#### Task prompt
Your answer must contain each line of the listing in which "homogeneity" appears, copied in full.

<<<<

Lemma stage_bound (l : list U) : exists K, forall x, In x l -> In x (adom (stage K)).
Proof.
  induction l as [|a l [K HK]]; [exists 0; intros x []|].
  set (Ka := Datatypes.S (job_code (inl a))).
  exists (max K Ka). intros x [<-|Hx].
  - apply (proj1 (stage_le Ka (max K Ka) ltac:(lia))), stage_dom.
  - apply (proj1 (stage_le K (max K Ka) ltac:(lia))), HK, Hx.
Qed.

Definition retraction (y : U) : T := amap (stage (Datatypes.S (job_code (inl y)))) y.

Lemma retraction_agree k x : gen U (adom (stage k)) x -> retraction x = amap (stage k) x.
Proof.
  intro G. unfold retraction. set (k0 := Datatypes.S (job_code (inl x))).
  destruct (stage_le k0 (max k k0) ltac:(lia)) as [_ E0].
  destruct (stage_le k (max k k0) ltac:(lia)) as [_ E1].
  rewrite <- E0, <- E1; [reflexivity | exact G | apply gen_in, stage_dom].
Qed.

Lemma stage_common n (xs : Fin.t n -> U) : exists K, forall i, gen U (adom (stage K)) (xs i).
Proof.
  destruct (fin_bound n (fun i => Datatypes.S (job_code (inl (xs i))))) as [K HK].
  exists K. intro i. apply gen_in, (proj1 (stage_le _ K (HK i))), stage_dom.
Qed.

(* A homomorphism, since finitely many arguments live in a common stage. *)
Lemma retraction_hom : is_hom U T retraction.
Proof.
  split.
  - intros f xs. destruct (stage_common _ xs) as [K HK].
    pose (ys := fun i => exist (fun x => gen U (adom (stage K)) x) (xs i) (HK i)).
    rewrite (retraction_agree K) by (apply gen_fn; exact HK).
    change (fn U f xs) with (incl_sub U _ (fn (Sub U (adom (stage K))) f ys)).
    rewrite (proj1 (amap_hom (stage K)) f ys).
    f_equal. apply functional_extensionality; intro i. symmetry. apply retraction_agree, HK.
  - intros R xs Hr. destruct (stage_common _ xs) as [K HK].
    pose (ys := fun i => exist (fun x => gen U (adom (stage K)) x) (xs i) (HK i)).
    pose proof (proj2 (amap_hom (stage K)) R ys Hr) as E. simpl in E.
    replace (fun i => retraction (xs i)) with (fun i => amap (stage K) (xs i)); [exact E|].
    apply functional_extensionality; intro i. symmetry. apply retraction_agree, HK.
Qed.

Lemma extension_task_witness (A B : structure S) (e : A -> U) (f : A -> B) (j : B -> U)
    (hB : B -> T) (lA lB : list _) (k : nat) :
  is_emb A U e -> is_emb B U j -> is_hom B T hB -> generates A lA ->
  (forall a, j (f a) = e a) -> (forall a, hB (f a) = retraction (e a)) ->
  (forall x, In x (map e lA) -> gen U (adom (stage k)) x) ->
  is_hom (Sub U (map e lA ++ map j lB)) T
    (fun y => extend_along B j hB (incl_sub U _ y)) /\
  (forall x, gen U (map e lA) x -> extend_along B j hB x = amap (stage k) x) /\
  map (extend_along B j hB) (map j lB) = map hB lB.
Proof.
  intros He Hj Hh HlA Ej Ecomp Hl. set (tau := extend_along B j hB).
  assert (Htau : forall b, tau (j b) = hB b) by (intro; apply extend_along_spec, Hj).
  split; [|split].
  - apply extend_along_hom; [exact Hj | exact Hh|].
    intros x Hx. apply in_app_or in Hx. destruct Hx as [Hx|Hx];
      apply in_map_iff in Hx; destruct Hx as [y [<- _]]; eauto.
  - intros x G. destruct (gen_in_image A U e (map e lA) (emb_hom _ _ _ He)) with (x := x)
      as [a <-]; [|exact G|].
    + intros y Hy. apply in_map_iff in Hy. destruct Hy as [a [<- _]]. eauto.
    + rewrite <- (retraction_agree k), <- Ecomp, <- Ej by (apply (gen_mono U _ _ Hl), G).
      apply Htau.
  - rewrite map_map. apply map_ext. exact Htau.
Qed.

(* The retraction has the extension property: copy B into U by homogeneity,
   then use the stage at which the corresponding task is solved. *)
Theorem retraction_extension_property : extension_property U T retraction.
Proof.
  intros A B e f hB FA He HB Hf Hh Ecomp.
  destruct (homogeneous_extension U HUh A B e f FA He HB Hf) as [j [Hj Ej]].
  destruct (fin_gen_generates _ FA) as [lA HlA].
  destruct (fin_gen_generates _ (proj1 HB)) as [lB HlB].
  set (l := map e lA). set (m := map j lB).
  destruct (stage_bound l) as [K0 HK0].
  destruct (stage_task K0 l m (map hB lB)) as [Hk Hsolve].
  set (k := job_code (inr (K0, (l, m, map hB lB)))) in *.
  assert (Hl : forall x, In x l -> gen U (adom (stage k)) x)
    by (intros x Hx; apply gen_in, (proj1 (stage_le K0 k Hk)), HK0, Hx).
  destruct (extension_task_witness A B e f j hB lA lB k He Hj Hh HlA Ej Ecomp Hl)
    as [Htau [Eagree Emap]].
  set (tau := extend_along B j hB) in *.
  destruct (Hsolve (conj Hl (ex_intro _ tau (conj Htau (conj Eagree Emap)))))
    as [G [HG [Gfix [Ggen Gcol]]]].
  assert (Hjm : forall b, gen U (l ++ m) (j b)).
  { intro b. apply (gen_incl U m); [apply incl_appr, incl_refl|].
    apply hom_gen_image; [exact HlB | apply emb_hom, Hj]. }
  exists (fun b => G (corestrict B U (l ++ m) j Hjm b)). split; [|split].
  - apply (emb_comp _ _ _ (corestrict B U (l ++ m) j Hjm) G); [apply corestrict_emb|]; assumption.
  - intro a. rewrite Gfix; simpl; [apply Ej|].
    rewrite Ej. apply hom_gen_image; [exact HlA | apply emb_hom, He].
  - intro b. rewrite (retraction_agree (Datatypes.S k)) by apply Ggen.
    rewrite (Gcol tau Htau Eagree Emap). apply extend_along_spec, Hj.
Qed.

(* The constructed map is a universal homogeneous retraction; that it is a
   retraction follows from universality applied to the identity of T. *)
Theorem retraction_univ_hom : univ_hom_retraction U T retraction.
Proof.
  pose proof retraction_hom as Hr. pose proof retraction_extension_property as HEP.
  pose proof (extension_property_universal U T retraction Hr HEP) as Huniv.
  split; [exact HTc | split; [split; [exact Hr|] | split; [exact Huniv|]]].
  - destruct (Huniv T (fun t => t) HTc (emb_hom _ _ _ (iso_emb _ _ _ (id_iso T))))
      as [i [Hi Ei]].
    exists i. split; [apply emb_hom, Hi | intro t; symmetry; apply Ei].
  - apply extension_property_homogeneous; assumption.
Qed.

End Construction.

Section Necessity.
Context {S : signature} (U T : structure S) (r : U -> T).
Hypothesis HUc : countable U.
Hypothesis Hr : is_hom U T r.
Hypothesis Huniv : universal_within (age U) U T r.

(* Condition (1) is necessary: copy B1 and B2 into U over T by universality,
   move the copy of A in B2 onto that in B1 by homogeneity of r, and take the
   substructure generated by both copies. *)
Lemma univ_hom_amalgamation : homogeneous_hom U T r -> hom_amalgamation (age U) T.
Proof.
  intros Hhom A B1 B2 f1 f2 h1 h2 HA HB1 HB2 Hf1 Hf2 Hh1 Hh2 E.
  destruct (Huniv B1 h1 (age_cbar U B1 HUc HB1) Hh1) as [i1 [Hi1 Ei1]].
  destruct (Huniv B2 h2 (age_cbar U B2 HUc HB2) Hh2) as [i2 [Hi2 Ei2]].
  destruct (Hhom A (fun a => i2 (f2 a)) (fun a => i1 (f1 a)) (proj1 HA))
    as [al [Hal [Ral Eal]]]; try (apply emb_comp; assumption).
  { intro a. rewrite <- Ei1, <- Ei2. apply E. }
  assert (Hali2 : is_emb B2 U (fun b => al (i2 b)))
    by (apply emb_comp; [exact Hi2 | apply iso_emb, Hal]).
  destruct (fin_gen_generates _ (proj1 HB1)) as [l1 Hl1].
  destruct (fin_gen_generates _ (proj1 HB2)) as [l2 Hl2].
  set (l := map i1 l1 ++ map (fun b => al (i2 b)) l2).
  assert (G1 : forall b, gen U l (i1 b)).
  { intro b. apply (gen_incl U (map i1 l1)); [apply incl_appl, incl_refl|].
    apply hom_gen_image; [exact Hl1 | apply emb_hom, Hi1]. }
  assert (G2 : forall b, gen U l (al (i2 b))).
  { intro b. apply (gen_incl U (map (fun b => al (i2 b)) l2)); [apply incl_appr, incl_refl|].
    apply (hom_gen_image _ _ l2 (fun b => al (i2 b))); [exact Hl2 | apply emb_hom, Hali2]. }
  exists (Sub U l), (corestrict B1 U l i1 G1), (corestrict B2 U l _ G2),
    (fun d => r (incl_sub U l d)).
  split; [apply sub_age|]. split; [apply corestrict_emb, Hi1|].
  split; [apply corestrict_emb, Hali2|]. split; [|split; [|split]].
  - intro a. apply sub_eq. simpl. symmetry. apply Eal.
  - apply hom_comp; [apply emb_hom, incl_sub_emb | exact Hr].
  - intro b. simpl. symmetry. apply Ei1.
  - intro b. simpl. rewrite Ral. symmetry. apply Ei2.
Qed.

(* Condition (2) is necessary: copy A into U over T by universality, move it
   onto its copy inside a copy of B by homogeneity of U, and compose with r. *)
Lemma univ_hom_extension : homogeneous U -> hom_extension (age U) T.
Proof.
  intros HUh A B i h HA HB Hi Hh.
  destruct (Huniv A h (age_cbar U A HUc HA) Hh) as [iA [HiA EiA]].
  destruct HB as [FB [eB HeB]].
  destruct (HUh A (fun a => eB (i a)) iA (proj1 HA)) as [al [Hal Eal]];
    [apply emb_comp; assumption | exact HiA |].
  exists (fun b => r (al (eB b))). split.
  - apply (hom_comp _ _ _ (fun b => al (eB b)) r); [|exact Hr].
    apply (hom_comp _ _ _ eB al); apply emb_hom; [exact HeB | apply iso_emb, Hal].
  - intro a. rewrite Eal. symmetry. apply EiA.
Qed.

End Necessity.

(* Main theorem. *)
Theorem theorem4p2 (S : signature) (C : structure S -> Prop)
    (U T : structure S) :
  fraisse_class C -> fraisse_limit C U -> cbar C T ->
  ((exists r : U -> T, univ_hom_retraction U T r) <->
   ((forall (A B1 B2 : structure S) (f1 : A -> B1) (f2 : A -> B2)
        (h1 : B1 -> T) (h2 : B2 -> T),
      C A -> C B1 -> C B2 -> is_emb A B1 f1 -> is_emb A B2 f2 ->
      is_hom B1 T h1 -> is_hom B2 T h2 ->
      (forall a, h1 (f1 a) = h2 (f2 a)) ->
      exists (D : structure S) (g1 : B1 -> D) (g2 : B2 -> D) (h : D -> T),
        C D /\ is_emb B1 D g1 /\ is_emb B2 D g2 /\
        (forall a, g1 (f1 a) = g2 (f2 a)) /\ is_hom D T h /\
        (forall b, h (g1 b) = h1 b) /\ (forall b, h (g2 b) = h2 b)) /\
    (forall (A B : structure S) (i : A -> B) (h : A -> T),
      C A -> C B -> is_emb A B i -> is_hom A T h ->
      exists hh : B -> T, is_hom B T hh /\ forall a, hh (i a) = h a))).
Proof.
  intros _ HU HT.
  pose proof (fraisse_limit_iso_types C U HU) as Hiso.
  pose proof (same_iso_types_sym _ _ Hiso) as Hiso'.
  destruct HU as (HUc & HUh & _).
  split.
  - intros [r [_ [[Hr _] [Huniv Hhom]]]]. split.
    + apply (hom_amalgamation_transfer _ _ T Hiso'), (univ_hom_amalgamation U T r); assumption.
    + apply (hom_extension_transfer _ _ T Hiso'), (univ_hom_extension U T r); assumption.
  - intros [Ham Hext]. exists (retraction U T HUc HUh (cbar_transfer C (age U) T Hiso HT)
      (hom_amalgamation_transfer _ _ T Hiso Ham) (hom_extension_transfer _ _ T Hiso Hext)).
    apply retraction_univ_hom.
Qed.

>>>>

#### Task output
(* The retraction has the extension property: copy B into U by homogeneity,
   move the copy of A in B2 onto that in B1 by homogeneity of r, and take the
   onto its copy inside a copy of B by homogeneity of U, and compose with r. *)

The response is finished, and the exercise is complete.